* **Data section**:
(* Let $p$ be a prime, let $c,d$ be positive integers, let $X$ be a set with $d$ elements, let $L_c(X)$ be the free nilpotent $\mathbb{Z}_p$-Lie algebra of class $c$ on $X$, regarded inside $\widetilde{L}_c(X)=L_c(X)\otimes_{\mathbb{Z}_p}\mathbb{Q}_p$, let $$\widehat{L}_c(X)=L_c(X)+\tfrac{1}{p}\gamma_2(L_c(X))+\dots+\tfrac{1}{p^{c-1}}\gamma_c(L_c(X)),$$ let $I$ be an ideal of $L_c(X)$ and let $$\widehat{I}=I+\tfrac{1}{p}[I,L_c(X)]+\dots+\tfrac{1}{p^{c-1}}[I,{}_{c-1}L_c(X)].$$ Then: (a) the order $\left|(L_c(X)\cap\widehat{I})/I\right|$ is bounded by a function of $p,c,d$ only; (b) the index $\left|\widehat{L}_c(X)/\widehat{I} : (L_c(X)+\widehat{I})/\widehat{I}\right|$ is bounded by a function of $p,c,d$ only.
   Context: $L_c(X)$ is the free $\mathbb{Z}_p$-Lie algebra on $X$ modulo the $(c+1)$-st term of its lower central series; $\gamma_1(L)=L$, $\gamma_{i+1}(L)=[\gamma_i(L),L]$; $[I,{}_iL]=[\cdots[[I,L],L],\dots,L]$ with $i$ copies of $L$. Brackets of subsets denote $\mathbb{Z}_p$-spans of brackets. *)

From HB Require Import structures.
From mathcomp Require Import all_boot all_order all_algebra.
Set Implicit Arguments. Unset Strict Implicit. Unset Printing Implicit Defensive.
Import Order.TTheory GRing.Theory Num.Theory.
Local Open Scope ring_scope.

(* The ring of p-adic integers, characterised up to isomorphism:          *)
(* an integral domain R which is a DVR with uniformizer p (every nonzero  *)
(* element is a unit times a power of p, and p is not a unit), whose      *)
(* residue field R/pR is represented by 0,1,...,p-1, and which is p-adically *)
(* complete.  (Such an R is isomorphic to Z_p.)                           *)
Definition is_Zp (p : nat) (R : idomainType) : Prop :=
  [/\ (p%:R : R) \isn't a GRing.unit,
      (forall x : R, x != 0 ->
         exists (n : nat) (u : R), u \is a GRing.unit /\ x = u * p%:R ^+ n),
      (forall x : R, exists2 k : nat, (k < p)%N & exists y : R, x = k%:R + p%:R * y)
    & (forall x : nat -> R,
         (forall n, exists y : R, x n.+1 - x n = p%:R ^+ n * y) ->
         exists l : R, forall n, exists y : R, l - x n = p%:R ^+ n * y)].

Section FreeNilpotent.
Variables (R : idomainType) (d c : nat).

(* Q_p = fraction field of Z_p *)
Definition Kf := {fraction R}.

(* Elements of the truncated free associative K-algebra on X = 'I_d,     *)
(* as coefficient functions on words (only words of length <= c matter). *)
Definition tens := seq 'I_d -> Kf.

Definition tzero : tens := fun _ => 0.
Definition tadd (f g : tens) : tens := fun w => f w + g w.
Definition tsub (f g : tens) : tens := fun w => f w - g w.
Definition tscale (a : Kf) (f : tens) : tens := fun w => a * f w.
Definition tmul (f g : tens) : tens := fun w =>
  if (size w <= c)%N then \sum_(i < (size w).+1) f (take i w) * g (drop i w) else 0.
Definition tbr (f g : tens) : tens := tsub (tmul f g) (tmul g f).
Definition tgen (i : 'I_d) : tens := fun w => (w == [:: i])%:R.

(* L_c(X): the Z_p-Lie subalgebra generated by X inside the truncated     *)
(* free associative Q_p-algebra, i.e. the free nilpotent Z_p-Lie algebra  *)
(* of class c on X (regarded inside L_c(X) (x) Q_p).                      *)
Inductive Lc : tens -> Prop :=
  | Lc_gen i : Lc (tgen i)
  | Lc_zero : Lc tzero
  | Lc_add f g : Lc f -> Lc g -> Lc (tadd f g)
  | Lc_scale (a : R) f : Lc f -> Lc (tscale (@FracField.tofrac R a) f)
  | Lc_br f g : Lc f -> Lc g -> Lc (tbr f g).

Inductive brspan (A B : tens -> Prop) : tens -> Prop :=
  | bs_br a b : A a -> B b -> brspan A B (tbr a b)
  | bs_zero : brspan A B tzero
  | bs_add f g : brspan A B f -> brspan A B g -> brspan A B (tadd f g)
  | bs_scale (a : R) f : brspan A B f -> brspan A B (tscale (@FracField.tofrac R a) f).

Fixpoint brpow (I : tens -> Prop) (i : nat) : tens -> Prop :=
  if i is i'.+1 then brspan (brpow I i') Lc else I.

(* lower central series: gamma_1 = L, gamma_(i+1) = [gamma_i, L] *)
Definition gammaL (i : nat) : tens -> Prop := brpow Lc i.-1.

Definition is_ideal (I : tens -> Prop) : Prop :=
  [/\ forall f, I f -> Lc f,
      I tzero,
      (forall f g, I f -> I g -> I (tadd f g)),
      (forall (a : R) f, I f -> I (tscale (@FracField.tofrac R a) f))
    & (forall f g, I f -> Lc g -> I (tbr f g))].

Variable p : nat.

Definition hatI (I : tens -> Prop) : tens -> Prop := fun z =>
  exists ys : nat -> tens, (forall i, (i < c)%N -> brpow I i (ys i)) /\
    forall w, z w = \sum_(i < c) (p%:R : Kf) ^- i * ys i w.

Definition Lhat : tens -> Prop := fun z =>
  exists ys : nat -> tens, (forall i, (i < c)%N -> gammaL i.+1 (ys i)) /\
    forall w, z w = \sum_(i < c) (p%:R : Kf) ^- i * ys i w.

Definition sumset (A B : tens -> Prop) : tens -> Prop := fun z =>
  exists a b, A a /\ B b /\ z = tadd a b.

(* |A / B| <= N  (for B a submodule of A): A is covered by at most N cosets of B *)
Definition quot_le (A B : tens -> Prop) (N : nat) : Prop :=
  exists r : 'I_N -> tens, forall z, A z -> exists j, B (tsub z (r j)).

End FreeNilpotent.

From mathcomp Require Import all_boot all_order all_algebra.
From Stdlib Require Import Classical FunctionalExtensionality Wf_nat.
Set Implicit Arguments. Unset Strict Implicit. Unset Printing Implicit Defensive.
Import Order.TTheory GRing.Theory Num.Theory.
Local Open Scope ring_scope.

(* Let u = p^(c-1).  Multiplication by u maps hat I into I and hat L into L.
   Elements of L_c(X) are Z_p-valued on words and vanish on words longer than c,
   and over the discrete valuation ring Z_p every submodule of such functions is
   spanned by N elements, N the number of words of length at most c.
   (a) M = {z in L | u z in I} contains L ∩ hat I and is spanned by some g_i;
   reducing the coefficients of z = sum a_i g_i modulo u leaves u sum b_i g_i,
   which lies in I, so the u^N elements sum r_i g_i with 0 <= r_i < u represent
   every coset.  (b) For z in hat L, u z = sum a_i g_i with g_i spanning L, and
   the same reduction shows z is congruent modulo L to some u^-1 sum r_i g_i. *)

Section Modules.
Variables (R : idomainType) (d : nat).
Local Notation tf := (@FracField.tofrac R).
Local Notation T := (tens R d).
Local Notation t0 := (tzero R (d:=d)).

Definition submod (M : T -> Prop) : Prop :=
  [/\ M t0, (forall f g, M f -> M g -> M (tadd f g))
    & (forall a f, M f -> M (tscale (tf a) f))].

Definition lcomb n (a : 'I_n -> R) (g : 'I_n -> T) : T :=
  fun w => \sum_(i < n) tf (a i) * g i w.

Definition integral (z : T) : Prop := exists F : seq 'I_d -> R, forall w, z w = tf (F w).

Lemma tscale1 (f : T) : tscale 1 f = f.
Proof. by apply: functional_extensionality => w; rewrite /tscale mul1r. Qed.

Lemma tscaleK (s : Kf R) (f : T) : s != 0 -> tscale s^-1 (tscale s f) = f.
Proof. by move=> s0; apply: functional_extensionality => w; rewrite /tscale mulKf. Qed.

Lemma lcombZ n (x : R) (a : 'I_n -> R) (g : 'I_n -> T) :
  lcomb (fun i => x * a i) g = tscale (tf x) (lcomb a g).
Proof.
apply: functional_extensionality => w; rewrite /lcomb /tscale mulr_sumr.
by apply: eq_bigr => i _; rewrite tofracM mulrA.
Qed.

Lemma lcomb_recl n (a : 'I_n.+1 -> R) (g : 'I_n.+1 -> T) :
  lcomb a g = tadd (tscale (tf (a ord0)) (g ord0))
                   (lcomb (fun i => a (lift ord0 i)) (fun i => g (lift ord0 i))).
Proof. by apply: functional_extensionality => w; rewrite /lcomb big_ord_recl. Qed.

Lemma submod_lcomb (M : T -> Prop) n (a : 'I_n -> R) (g : 'I_n -> T) :
  submod M -> (forall i, M (g i)) -> M (lcomb a g).
Proof.
case=> M0 MD MZ; elim: n a g => [|n IHn] a g Mg.
  by have -> : lcomb a g = t0 by apply: functional_extensionality => w; rewrite /lcomb big_ord0.
by rewrite lcomb_recl; apply: MD; [apply: MZ | apply: IHn].
Qed.

Lemma submod_scale_preim (P Q : T -> Prop) (s : Kf R) :
  submod P -> submod Q -> submod (fun z => P z /\ Q (tscale s z)).
Proof.
case=> P0 PD PZ [Q0 QD QZ]; split.
- suff -> : tscale s t0 = t0 by [].
  by apply: functional_extensionality => w; rewrite /tscale /tzero mulr0.
- move=> f g [Pf Qf] [Pg Qg]; split; first exact: PD.
  suff -> : tscale s (tadd f g) = tadd (tscale s f) (tscale s g) by apply: QD.
  by apply: functional_extensionality => w; rewrite /tscale /tadd mulrDr.
- move=> a f [Pf Qf]; split; first exact: PZ.
  suff -> : tscale s (tscale (tf a) f) = tscale (tf a) (tscale s f) by apply: QZ.
  by apply: functional_extensionality => w; rewrite /tscale mulrCA.
Qed.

* **Work instruction**:
Output the lines above between the one holding "Fixpoint brpow (I" and the one holding "exists a b, A a /\ B b /\ z = tadd a b.", inclusive, with nothing before or after them.

* **Result for this task**:
Fixpoint brpow (I : tens -> Prop) (i : nat) : tens -> Prop :=
  if i is i'.+1 then brspan (brpow I i') Lc else I.

(* lower central series: gamma_1 = L, gamma_(i+1) = [gamma_i, L] *)
Definition gammaL (i : nat) : tens -> Prop := brpow Lc i.-1.

Definition is_ideal (I : tens -> Prop) : Prop :=
  [/\ forall f, I f -> Lc f,
      I tzero,
      (forall f g, I f -> I g -> I (tadd f g)),
      (forall (a : R) f, I f -> I (tscale (@FracField.tofrac R a) f))
    & (forall f g, I f -> Lc g -> I (tbr f g))].

Variable p : nat.

Definition hatI (I : tens -> Prop) : tens -> Prop := fun z =>
  exists ys : nat -> tens, (forall i, (i < c)%N -> brpow I i (ys i)) /\
    forall w, z w = \sum_(i < c) (p%:R : Kf) ^- i * ys i w.

Definition Lhat : tens -> Prop := fun z =>
  exists ys : nat -> tens, (forall i, (i < c)%N -> gammaL i.+1 (ys i)) /\
    forall w, z w = \sum_(i < c) (p%:R : Kf) ^- i * ys i w.

Definition sumset (A B : tens -> Prop) : tens -> Prop := fun z =>
  exists a b, A a /\ B b /\ z = tadd a b.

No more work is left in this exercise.